WORK REQUIRED - Repeat the whole of the data, keeping every detail the same.
::: LISTED RECORDS
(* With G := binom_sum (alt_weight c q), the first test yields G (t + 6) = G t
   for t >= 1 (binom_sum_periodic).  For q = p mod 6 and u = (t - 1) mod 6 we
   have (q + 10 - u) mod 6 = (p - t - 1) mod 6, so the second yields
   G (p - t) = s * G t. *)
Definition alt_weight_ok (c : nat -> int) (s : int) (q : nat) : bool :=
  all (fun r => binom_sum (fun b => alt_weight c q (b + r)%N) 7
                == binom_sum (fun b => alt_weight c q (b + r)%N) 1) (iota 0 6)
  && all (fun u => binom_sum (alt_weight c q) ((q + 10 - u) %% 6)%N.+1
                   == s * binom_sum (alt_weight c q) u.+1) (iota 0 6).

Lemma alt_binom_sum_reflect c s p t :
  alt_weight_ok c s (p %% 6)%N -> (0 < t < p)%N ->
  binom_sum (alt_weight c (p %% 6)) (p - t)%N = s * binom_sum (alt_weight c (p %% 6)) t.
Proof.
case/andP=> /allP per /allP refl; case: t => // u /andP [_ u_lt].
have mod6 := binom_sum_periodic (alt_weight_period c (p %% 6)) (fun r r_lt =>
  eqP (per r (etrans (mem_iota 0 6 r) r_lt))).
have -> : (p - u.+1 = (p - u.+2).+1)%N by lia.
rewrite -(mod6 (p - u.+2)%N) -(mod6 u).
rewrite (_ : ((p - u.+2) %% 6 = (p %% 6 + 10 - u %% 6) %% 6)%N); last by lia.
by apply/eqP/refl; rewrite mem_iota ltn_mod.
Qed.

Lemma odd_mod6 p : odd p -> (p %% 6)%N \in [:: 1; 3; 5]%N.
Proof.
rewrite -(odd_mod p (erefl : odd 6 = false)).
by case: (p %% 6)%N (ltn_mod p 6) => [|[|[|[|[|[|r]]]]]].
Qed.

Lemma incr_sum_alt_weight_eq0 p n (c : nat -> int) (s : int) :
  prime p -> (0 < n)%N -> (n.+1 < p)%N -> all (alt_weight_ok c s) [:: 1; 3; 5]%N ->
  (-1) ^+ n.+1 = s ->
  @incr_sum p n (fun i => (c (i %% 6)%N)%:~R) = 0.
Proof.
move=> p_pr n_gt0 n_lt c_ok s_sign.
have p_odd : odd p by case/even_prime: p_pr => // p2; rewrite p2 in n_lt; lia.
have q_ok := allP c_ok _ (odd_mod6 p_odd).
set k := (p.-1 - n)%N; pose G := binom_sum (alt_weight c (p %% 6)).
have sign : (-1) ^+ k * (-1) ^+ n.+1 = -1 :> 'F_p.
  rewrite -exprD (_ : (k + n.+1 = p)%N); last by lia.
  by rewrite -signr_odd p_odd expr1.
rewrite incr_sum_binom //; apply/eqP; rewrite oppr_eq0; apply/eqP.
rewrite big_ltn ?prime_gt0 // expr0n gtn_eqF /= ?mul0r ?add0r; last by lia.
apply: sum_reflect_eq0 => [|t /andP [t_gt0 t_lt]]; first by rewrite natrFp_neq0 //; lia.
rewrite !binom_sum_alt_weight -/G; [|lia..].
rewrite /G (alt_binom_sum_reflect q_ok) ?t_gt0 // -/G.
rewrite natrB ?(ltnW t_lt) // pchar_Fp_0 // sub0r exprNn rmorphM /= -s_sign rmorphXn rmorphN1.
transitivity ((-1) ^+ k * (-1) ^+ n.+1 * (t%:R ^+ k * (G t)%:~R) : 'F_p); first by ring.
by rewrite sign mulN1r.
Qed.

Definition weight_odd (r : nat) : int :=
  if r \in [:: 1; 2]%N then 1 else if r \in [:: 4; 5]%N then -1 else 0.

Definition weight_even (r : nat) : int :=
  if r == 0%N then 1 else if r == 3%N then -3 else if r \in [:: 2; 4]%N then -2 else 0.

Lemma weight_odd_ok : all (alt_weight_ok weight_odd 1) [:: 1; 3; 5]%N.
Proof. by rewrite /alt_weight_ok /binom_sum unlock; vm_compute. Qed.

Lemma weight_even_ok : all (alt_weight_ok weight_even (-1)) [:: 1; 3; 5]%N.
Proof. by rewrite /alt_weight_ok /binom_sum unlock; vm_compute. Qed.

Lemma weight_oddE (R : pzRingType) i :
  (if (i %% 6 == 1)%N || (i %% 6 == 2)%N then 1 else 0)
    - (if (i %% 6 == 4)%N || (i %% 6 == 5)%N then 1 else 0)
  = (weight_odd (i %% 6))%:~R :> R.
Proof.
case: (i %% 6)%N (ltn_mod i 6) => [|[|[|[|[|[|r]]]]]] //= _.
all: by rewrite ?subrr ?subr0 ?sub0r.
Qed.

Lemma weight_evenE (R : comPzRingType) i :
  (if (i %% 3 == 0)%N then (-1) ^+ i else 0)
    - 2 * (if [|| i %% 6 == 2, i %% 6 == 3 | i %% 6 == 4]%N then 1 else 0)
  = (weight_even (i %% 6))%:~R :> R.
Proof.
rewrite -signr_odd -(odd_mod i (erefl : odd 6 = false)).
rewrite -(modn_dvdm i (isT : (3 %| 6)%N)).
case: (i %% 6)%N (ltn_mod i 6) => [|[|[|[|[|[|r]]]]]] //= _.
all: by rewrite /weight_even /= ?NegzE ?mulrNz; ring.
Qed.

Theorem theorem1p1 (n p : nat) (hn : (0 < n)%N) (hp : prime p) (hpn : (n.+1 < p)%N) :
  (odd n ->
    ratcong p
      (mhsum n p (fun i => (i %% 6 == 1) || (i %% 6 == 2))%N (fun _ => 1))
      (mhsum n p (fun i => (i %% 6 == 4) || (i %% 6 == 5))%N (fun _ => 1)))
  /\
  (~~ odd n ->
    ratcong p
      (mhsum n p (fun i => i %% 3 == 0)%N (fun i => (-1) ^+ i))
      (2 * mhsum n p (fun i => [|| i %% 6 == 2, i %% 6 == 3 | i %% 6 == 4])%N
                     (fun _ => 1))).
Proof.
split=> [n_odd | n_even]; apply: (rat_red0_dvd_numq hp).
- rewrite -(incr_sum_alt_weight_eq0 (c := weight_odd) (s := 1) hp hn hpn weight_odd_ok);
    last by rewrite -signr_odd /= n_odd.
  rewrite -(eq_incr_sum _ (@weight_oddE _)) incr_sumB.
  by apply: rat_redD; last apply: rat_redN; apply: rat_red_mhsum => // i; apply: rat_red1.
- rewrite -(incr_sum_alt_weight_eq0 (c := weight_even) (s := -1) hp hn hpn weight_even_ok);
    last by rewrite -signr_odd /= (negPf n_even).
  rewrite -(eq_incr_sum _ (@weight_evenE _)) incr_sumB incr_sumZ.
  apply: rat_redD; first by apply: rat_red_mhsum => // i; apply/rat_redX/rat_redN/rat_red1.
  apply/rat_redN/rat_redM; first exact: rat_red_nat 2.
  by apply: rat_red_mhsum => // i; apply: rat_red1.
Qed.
::::::
YOUR SOLUTION -
(* With G := binom_sum (alt_weight c q), the first test yields G (t + 6) = G t
   for t >= 1 (binom_sum_periodic).  For q = p mod 6 and u = (t - 1) mod 6 we
   have (q + 10 - u) mod 6 = (p - t - 1) mod 6, so the second yields
   G (p - t) = s * G t. *)
Definition alt_weight_ok (c : nat -> int) (s : int) (q : nat) : bool :=
  all (fun r => binom_sum (fun b => alt_weight c q (b + r)%N) 7
                == binom_sum (fun b => alt_weight c q (b + r)%N) 1) (iota 0 6)
  && all (fun u => binom_sum (alt_weight c q) ((q + 10 - u) %% 6)%N.+1
                   == s * binom_sum (alt_weight c q) u.+1) (iota 0 6).

Lemma alt_binom_sum_reflect c s p t :
  alt_weight_ok c s (p %% 6)%N -> (0 < t < p)%N ->
  binom_sum (alt_weight c (p %% 6)) (p - t)%N = s * binom_sum (alt_weight c (p %% 6)) t.
Proof.
case/andP=> /allP per /allP refl; case: t => // u /andP [_ u_lt].
have mod6 := binom_sum_periodic (alt_weight_period c (p %% 6)) (fun r r_lt =>
  eqP (per r (etrans (mem_iota 0 6 r) r_lt))).
have -> : (p - u.+1 = (p - u.+2).+1)%N by lia.
rewrite -(mod6 (p - u.+2)%N) -(mod6 u).
rewrite (_ : ((p - u.+2) %% 6 = (p %% 6 + 10 - u %% 6) %% 6)%N); last by lia.
by apply/eqP/refl; rewrite mem_iota ltn_mod.
Qed.

Lemma odd_mod6 p : odd p -> (p %% 6)%N \in [:: 1; 3; 5]%N.
Proof.
rewrite -(odd_mod p (erefl : odd 6 = false)).
by case: (p %% 6)%N (ltn_mod p 6) => [|[|[|[|[|[|r]]]]]].
Qed.

Lemma incr_sum_alt_weight_eq0 p n (c : nat -> int) (s : int) :
  prime p -> (0 < n)%N -> (n.+1 < p)%N -> all (alt_weight_ok c s) [:: 1; 3; 5]%N ->
  (-1) ^+ n.+1 = s ->
  @incr_sum p n (fun i => (c (i %% 6)%N)%:~R) = 0.
Proof.
move=> p_pr n_gt0 n_lt c_ok s_sign.
have p_odd : odd p by case/even_prime: p_pr => // p2; rewrite p2 in n_lt; lia.
have q_ok := allP c_ok _ (odd_mod6 p_odd).
set k := (p.-1 - n)%N; pose G := binom_sum (alt_weight c (p %% 6)).
have sign : (-1) ^+ k * (-1) ^+ n.+1 = -1 :> 'F_p.
  rewrite -exprD (_ : (k + n.+1 = p)%N); last by lia.
  by rewrite -signr_odd p_odd expr1.
rewrite incr_sum_binom //; apply/eqP; rewrite oppr_eq0; apply/eqP.
rewrite big_ltn ?prime_gt0 // expr0n gtn_eqF /= ?mul0r ?add0r; last by lia.
apply: sum_reflect_eq0 => [|t /andP [t_gt0 t_lt]]; first by rewrite natrFp_neq0 //; lia.
rewrite !binom_sum_alt_weight -/G; [|lia..].
rewrite /G (alt_binom_sum_reflect q_ok) ?t_gt0 // -/G.
rewrite natrB ?(ltnW t_lt) // pchar_Fp_0 // sub0r exprNn rmorphM /= -s_sign rmorphXn rmorphN1.
transitivity ((-1) ^+ k * (-1) ^+ n.+1 * (t%:R ^+ k * (G t)%:~R) : 'F_p); first by ring.
by rewrite sign mulN1r.
Qed.

Definition weight_odd (r : nat) : int :=
  if r \in [:: 1; 2]%N then 1 else if r \in [:: 4; 5]%N then -1 else 0.

Definition weight_even (r : nat) : int :=
  if r == 0%N then 1 else if r == 3%N then -3 else if r \in [:: 2; 4]%N then -2 else 0.

Lemma weight_odd_ok : all (alt_weight_ok weight_odd 1) [:: 1; 3; 5]%N.
Proof. by rewrite /alt_weight_ok /binom_sum unlock; vm_compute. Qed.

Lemma weight_even_ok : all (alt_weight_ok weight_even (-1)) [:: 1; 3; 5]%N.
Proof. by rewrite /alt_weight_ok /binom_sum unlock; vm_compute. Qed.

Lemma weight_oddE (R : pzRingType) i :
  (if (i %% 6 == 1)%N || (i %% 6 == 2)%N then 1 else 0)
    - (if (i %% 6 == 4)%N || (i %% 6 == 5)%N then 1 else 0)
  = (weight_odd (i %% 6))%:~R :> R.
Proof.
case: (i %% 6)%N (ltn_mod i 6) => [|[|[|[|[|[|r]]]]]] //= _.
all: by rewrite ?subrr ?subr0 ?sub0r.
Qed.

Lemma weight_evenE (R : comPzRingType) i :
  (if (i %% 3 == 0)%N then (-1) ^+ i else 0)
    - 2 * (if [|| i %% 6 == 2, i %% 6 == 3 | i %% 6 == 4]%N then 1 else 0)
  = (weight_even (i %% 6))%:~R :> R.
Proof.
rewrite -signr_odd -(odd_mod i (erefl : odd 6 = false)).
rewrite -(modn_dvdm i (isT : (3 %| 6)%N)).
case: (i %% 6)%N (ltn_mod i 6) => [|[|[|[|[|[|r]]]]]] //= _.
all: by rewrite /weight_even /= ?NegzE ?mulrNz; ring.
Qed.

Theorem theorem1p1 (n p : nat) (hn : (0 < n)%N) (hp : prime p) (hpn : (n.+1 < p)%N) :
  (odd n ->
    ratcong p
      (mhsum n p (fun i => (i %% 6 == 1) || (i %% 6 == 2))%N (fun _ => 1))
      (mhsum n p (fun i => (i %% 6 == 4) || (i %% 6 == 5))%N (fun _ => 1)))
  /\
  (~~ odd n ->
    ratcong p
      (mhsum n p (fun i => i %% 3 == 0)%N (fun i => (-1) ^+ i))
      (2 * mhsum n p (fun i => [|| i %% 6 == 2, i %% 6 == 3 | i %% 6 == 4])%N
                     (fun _ => 1))).
Proof.
split=> [n_odd | n_even]; apply: (rat_red0_dvd_numq hp).
- rewrite -(incr_sum_alt_weight_eq0 (c := weight_odd) (s := 1) hp hn hpn weight_odd_ok);
    last by rewrite -signr_odd /= n_odd.
  rewrite -(eq_incr_sum _ (@weight_oddE _)) incr_sumB.
  by apply: rat_redD; last apply: rat_redN; apply: rat_red_mhsum => // i; apply: rat_red1.
- rewrite -(incr_sum_alt_weight_eq0 (c := weight_even) (s := -1) hp hn hpn weight_even_ok);
    last by rewrite -signr_odd /= (negPf n_even).
  rewrite -(eq_incr_sum _ (@weight_evenE _)) incr_sumB incr_sumZ.
  apply: rat_redD; first by apply: rat_red_mhsum => // i; apply/rat_redX/rat_redN/rat_red1.
  apply/rat_redN/rat_redM; first exact: rat_red_nat 2.
  by apply: rat_red_mhsum => // i; apply: rat_red1.
Qed.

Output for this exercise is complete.